* What the task requires:
Search the material for the string "Variable" and copy each line where it occurs.

* Available data:
* * *

(* Let $B\ge 1$, let $\mathcal{A}=\{1,\dots,A\}$ and let $\Phi:\{1,\dots,B\}\to\mathcal{A}$ be a function. Let $\Delta(\varepsilon)$, $\varepsilon\ge 0$, be a family of $B\times B$ stochastic matrices whose entries are analytic functions of $\varepsilon$ at $\varepsilon=0$, and such that for every $\varepsilon>0$, $\Delta(\varepsilon)$ is non-negative and irreducible. For $\varepsilon>0$ let $Y$ be the stationary Markov chain with transition matrix $\Delta(\varepsilon)$ and let $Z=\Phi(Y)$. Then for any fixed $n$ and any fixed sequence $z_{-n}^{0}\in\mathcal{A}^{n+1}$: (1) $p(z_{-n}^{-1})=P(Z_{-n}^{-1}=z_{-n}^{-1})$ is analytic around $\varepsilon=0$; (2) for each $i$ with $-n\le i\le -1$, the vector $p(y_i=\cdot\,|z_{-n}^i):=(P(Y_i=b\mid Z_{-n}^i=z_{-n}^i))_{b=1,\dots,B}$ is analytic around $\varepsilon=0$; (3) $p(z_0|z_{-n}^{-1})=P(Z_0=z_0\mid Z_{-n}^{-1}=z_{-n}^{-1})$ is analytic around $\varepsilon=0$.
   Context: ''Analytic around $\varepsilon=0$'' means that the function, defined for small $\varepsilon>0$, coincides there with a function given by a convergent power series in $\varepsilon$ in a neighborhood of $0$ (i.e. it extends analytically to $\varepsilon=0$). For $a\in\mathcal{A}$, $\Delta_a$ denotes the $B\times B$ matrix with $\Delta_a(i,j)=\Delta(i,j)$ if $\Phi(j)=a$ and $\Delta_a(i,j)=0$ otherwise; so $p(z_{-n}^{-1})=\pi\Delta_{z_{-n}}\cdots\Delta_{z_{-1}}\mathbf{1}$ with $\pi=\pi(\varepsilon)$ the stationary vector of $\Delta(\varepsilon)$. Conditional probabilities are considered for sequences whose conditioning event has positive probability for small $\varepsilon>0$. *)

From HB Require Import structures.
From mathcomp Require Import all_boot all_order all_algebra.
From mathcomp Require Import all_classical all_reals all_analysis.
Set Implicit Arguments. Unset Strict Implicit. Unset Printing Implicit Defensive.
Import Order.TTheory GRing.Theory Num.Theory numFieldNormedType.Exports.
Local Open Scope classical_set_scope.
Local Open Scope ring_scope.

Section Defs.
Variable R : realType.

Definition analytic_at0 (f : R -> R) : Prop :=
  exists (a : nat -> R) (r : R), 0 < r /\
    forall e, 0 < e < r ->
      (fun N : nat => \sum_(k < N) a k * e ^+ k) @ \oo --> f e.

Definition analytic_at0_closed (f : R -> R) : Prop :=
  exists (a : nat -> R) (r : R), 0 < r /\
    forall e, 0 <= e < r ->
      (fun N : nat => \sum_(k < N) a k * e ^+ k) @ \oo --> f e.

Variable B : nat.

Definition mpow (M : 'M[R]_B) (k : nat) : 'M[R]_B := iter k (mulmx M) 1%:M.

Definition row_stochastic (M : 'M[R]_B) : Prop :=
  forall i : 'I_B, \sum_(j < B) M i j = 1.

Definition nonneg_mx (M : 'M[R]_B) : Prop := forall i j : 'I_B, 0 <= M i j.

Definition irreducible_mx (M : 'M[R]_B) : Prop :=
  forall i j : 'I_B, exists k : nat, 0 < mpow M k i j.

Definition stationary_dist (M : 'M[R]_B) (p : 'rV[R]_B) : Prop :=
  (forall j, 0 <= p 0 j) /\ \sum_(j < B) p 0 j = 1 /\ p *m M = p.

(* Finite-dimensional distributions of the stationary Markov chain Y with
   initial (stationary) law p and transition matrix M. *)
Fixpoint trans_prob (M : 'M[R]_B) (x : 'I_B) (ys : seq 'I_B) : R :=
  match ys with
  | [::] => 1
  | y :: ys' => M x y * trans_prob M y ys'
  end.

(* P(Y_t = y_0, ..., Y_{t+m-1} = y_{m-1}) *)
Definition path_prob (p : 'rV[R]_B) (M : 'M[R]_B) (ys : seq 'I_B) : R :=
  match ys with
  | [::] => 1
  | y :: ys' => p 0 y * trans_prob M y ys'
  end.

Variable A : nat.
Variable Phi : 'I_B -> 'I_A.

(* P(Z_t^{t+m-1} = w) where Z = Phi(Y), m = size w *)
Definition cyl_prob (p : 'rV[R]_B) (M : 'M[R]_B) (w : seq 'I_A) : R :=
  \sum_(y : (size w).-tuple 'I_B | map Phi y == w) path_prob p M y.

(* P(Y_{t+m-1} = b, Z_t^{t+m-1} = w), m = size w *)
Definition joint_last (p : 'rV[R]_B) (M : 'M[R]_B) (w : seq 'I_A) (b : 'I_B) : R :=
  \sum_(y : (size w).-tuple 'I_B | (map Phi y == w) && (last b y == b))
     path_prob p M y.

(* P(Y_{t+m-1} = b | Z_t^{t+m-1} = w) *)
Definition cond_state p M w b : R := joint_last p M w b / cyl_prob p M w.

* * *

* Output for this exercise:
Variable R : realType.
Variable B : nat.
Variable A : nat.
Variable Phi : 'I_B -> 'I_A.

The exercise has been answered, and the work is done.